Depuis ce lundi, le nouveau protocole sanitaire a encore tout changé dans les établissements. Pour enrayer la progression du Covid-19 dans les 19 départements reconfinés, le gouvernement a annoncé un tour de vis vendredi, qui consiste à fermer les classes dès le premier cas de contamination détecté. Et ses effets se font déjà ressentir sur le terrain.

Philippe Vincent, secrétaire général du Snpden-Unsa, le premier syndicat de personnels de direction, fait le point sur cette nouvelle donne dans les établissements.

Beaucoup de classes ont-elles fermé depuis lundi ?

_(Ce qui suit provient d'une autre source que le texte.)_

(* Assume hypotheses (H1) and (H2) below with constants $0<\delta<1$, $\gamma>0$. Fix a positive integer $r$ and a prime $p$. If $X>p^{\frac{1+\gamma}{1-\delta}}$, then $$\frac{1}{|L(X)^{r_2}|}\sum_{K\in L(X)^{r_2}}a_\rho(p)^r=\frac{n_r}{1+f(p)}+O(p^{-1}),$$ where $n_r$ is the multiplicity of the trivial representation in $\rho^{\otimes r}$, and the implied constant depends only on $r$, $d$ and the constants in (H1), (H2).
   Context: $d\ge2$, $G=S_{d+1}$, $\rho$ the $d$-dimensional standard representation of $S_{d+1}$, fixed signature $(r_1,r_2)$. An $S_{d+1}$-field is a degree $d+1$ number field whose Galois closure has Galois group $S_{d+1}$; $L(s,\rho,K)=\zeta_K(s)/\zeta(s)=\sum a_\rho(n)n^{-s}$ (so $-1\le a_\rho(p)\le d$, and $a_\rho(p)=\chi_\rho(\mathrm{Frob}_p)$ for unramified $p$). $L(X)^{r_2}$ is the set of $S_{d+1}$-fields of signature $(r_1,r_2)$ with $|d_K|<X$, up to isomorphism. Local conditions: $\mathcal S_{p,C}$ ($p$ unramified, $\mathrm{Frob}_p\in C$) with weight $\frac{|C|}{|G|(1+f(p))}$; $\mathcal S_{p,r_i}$ ($p$ ramified of splitting type $r_i$, $i=1,\dots,w$) with weight $\frac{c_i(p)}{1+f(p)}$, where $f(p)=O(1/p)$ positive, $c_i(p)>0$, $\sum_ic_i(p)=f(p)$. For a finite set $\mathcal S$ of local conditions at distinct primes, $|\mathcal S|$ is the product of weights, and $L(X;\mathcal S)^{r_2}$ the subset of $L(X)^{r_2}$ satisfying them. (H1) $|L(X)^{r_2}|=A(r_2)X+O(X^\delta)$; (H2) $|L(X;\mathcal S)^{r_2}|=|\mathcal S|A(r_2)X+O((\prod_{p\in\mathcal S}p)^\gamma X^\delta)$, uniformly in the primes and local conditions. *)

From mathcomp Require Import all_boot fingroup perm.
From Stdlib Require Import Reals.
Set Implicit Arguments. Unset Strict Implicit. Unset Printing Implicit Defensive.

Notation SymG d := {perm 'I_d.+1}.

(* Character of the d-dimensional standard representation rho of S_{d+1}:
   chi_rho(g) = #(fixed points of g) - 1. *)
Definition chi_std (d : nat) (g : SymG d) : Z :=
  (Z.of_nat #|[set i | g i == i]| - 1)%Z.

(* n_r = multiplicity of the trivial representation in rho^{(x) r}
       = <chi_rho^r, 1>_G = (1/|G|) sum_{g in G} chi_rho(g)^r. *)
Definition n_mult (d r : nat) : R :=
  (\big[Rplus/0%R]_(g : SymG d) IZR (chi_std g ^ Z.of_nat r)%Z
     / INR #|SymG d|)%R.

(* Local conditions at a prime p:
   LUnr C : p unramified and Frob_p in the conjugacy class C,
   LRam i : p ramified of splitting type r_i (i : 'I_w). *)
Inductive lcond (d w : nat) : Type :=
| LUnr of {set SymG d}
| LRam of 'I_w.

Definition fsum (w : nat) (c : 'I_w -> nat -> R) (p : nat) : R :=
  \big[Rplus/0%R]_(i < w) c i p.

Definition lweight (d w : nat) (c : 'I_w -> nat -> R) (p : nat)
    (l : lcond d w) : R :=
  match l with
  | LUnr C => (INR #|C| / (INR #|SymG d| * (1 + fsum c p)))%R
  | LRam i => (c i p / (1 + fsum c p))%R
  end.

(* |S| = product of the weights of a finite set S of local conditions,
   represented as a list of (prime, condition) pairs. *)
Definition setweight (d w : nat) (c : 'I_w -> nat -> R)
    (S : seq (nat * lcond d w)) : R :=
  \big[Rmult/1%R]_(s <- S) lweight c s.1 s.2.

(* A field K satisfies the local condition l at p, given the local data
   ram K p (None = unramified, Some i = ramified of splitting type r_i)
   and frob K p (a representative of Frob_p when p is unramified). *)
Definition sat_cond (d w : nat) (F : Type)
    (ram : F -> nat -> option 'I_w) (frob : F -> nat -> SymG d)
    (K : F) (p : nat) (l : lcond d w) : bool :=
  match l with
  | LUnr C => (ram K p == None) && (frob K p \in C)
  | LRam i => ram K p == Some i
  end.

Definition sat_all (d w : nat) (F : Type)
    (ram : F -> nat -> option 'I_w) (frob : F -> nat -> SymG d)
    (S : seq (nat * lcond d w)) (K : F) : bool :=
  all (fun s => sat_cond ram frob K s.1 s.2) S.

Definition Rsum (l : seq R) : R := foldr Rplus 0%R l.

Le nombre d’élèves contaminés par le coronavirus a augmenté ces dernières semaines et s’élevait à 21.000 vendredi dernier. Ce même jour, 3.256 classes étaient fermées en France sur 528.400. Avec les nouvelles mesures sanitaires, une très forte progression des fermetures de classes est à prévoir. On peut s’attendre qu’elles soient multipliées par quatre ou cinq dès cette semaine. Dès hier, cette hausse des fermetures de classes se faisait ressentir, mais nous ne disposons pas encore de chiffres consolidés. Elles sont plus nombreuses dans les collèges que dans les lycées, car ces derniers ont adopté la demi-jauge.

Les chefs d’établissements arrivent-ils à gérer la situation ?

Ce nouveau protocole nous occupe toute la journée. C’est chronophage et compliqué. Les CPE doivent constater les absences et appeler les familles. Ces dernières étant libres de leur dire ou pas si leur enfant est positif au Covid-19. Les chefs d’établissements remontent ensuite l’information aux cellules départementales des rectorats qui prennent la décision ou pas de fermer la classe. Autre difficulté au lycée : les élèves quittent leur classe pour suivre certains cours en demi-groupe. Le ministère indique que si un lycéen est positif, seule sa classe de référence sera fermée. Or, beaucoup de proviseurs ont une interprétation maximaliste de la consigne et pensent que si un élève est infecté, il faut fermer tous les groupes qu’il a fréquentés. Ce qui peut faire flamber les chiffres.

Constatez-vous la tentation chez certains parents de taire le fait que leur enfant soit positif au Covid-19 ?

Oui, ils ne font pas tester leur enfant qui présente pourtant des symptômes du coronavirus ou ils ne communiquent pas à l’établissement le résultat, s’il est positif. Peut-être parce qu’ils craignent que leur enfant manque trop de cours ou parce qu’ils n’ont pas très envie d’être dérangés dans la journée alors qu’ils télétravaillent. Mais ce comportement concerne heureusement une minorité de parents.

Beaucoup d’enseignants sont-ils absents ?

C’est très variable d’un établissement à un autre. Mais ce qui est sûr, c’est que les enseignants qui sont absents une dizaine de jours ne sont bien souvent, pas remplacés. Car les services du rectorat sont débordés et ils remplacent en priorité les absences longues.

Constatez-vous une augmentation de l’exercice du droit de retrait chez les enseignants ?

Non pas pour l’instant, car les enseignants sont mus par leur conscience professionnelle et ne veulent pas mettre leurs élèves plus en difficulté.

Pensez-vous que les établissements puissent rester ouverts jusqu’aux vacances de printemps ?

Ceux de la zone B qui seront en vacances le 7 avril, peut-être. Mais j’ai un doute pour la zone C, dont les congés démarrent le 17 avril, étant donné les courbes d’infection en Ile-de-France. Et concernant la tenue des examens en fin d’année, elle pourrait être menacée. Si c’est le cas, il faut que nous le sachions dès la fin du mois d’avril afin de nous réorganiser.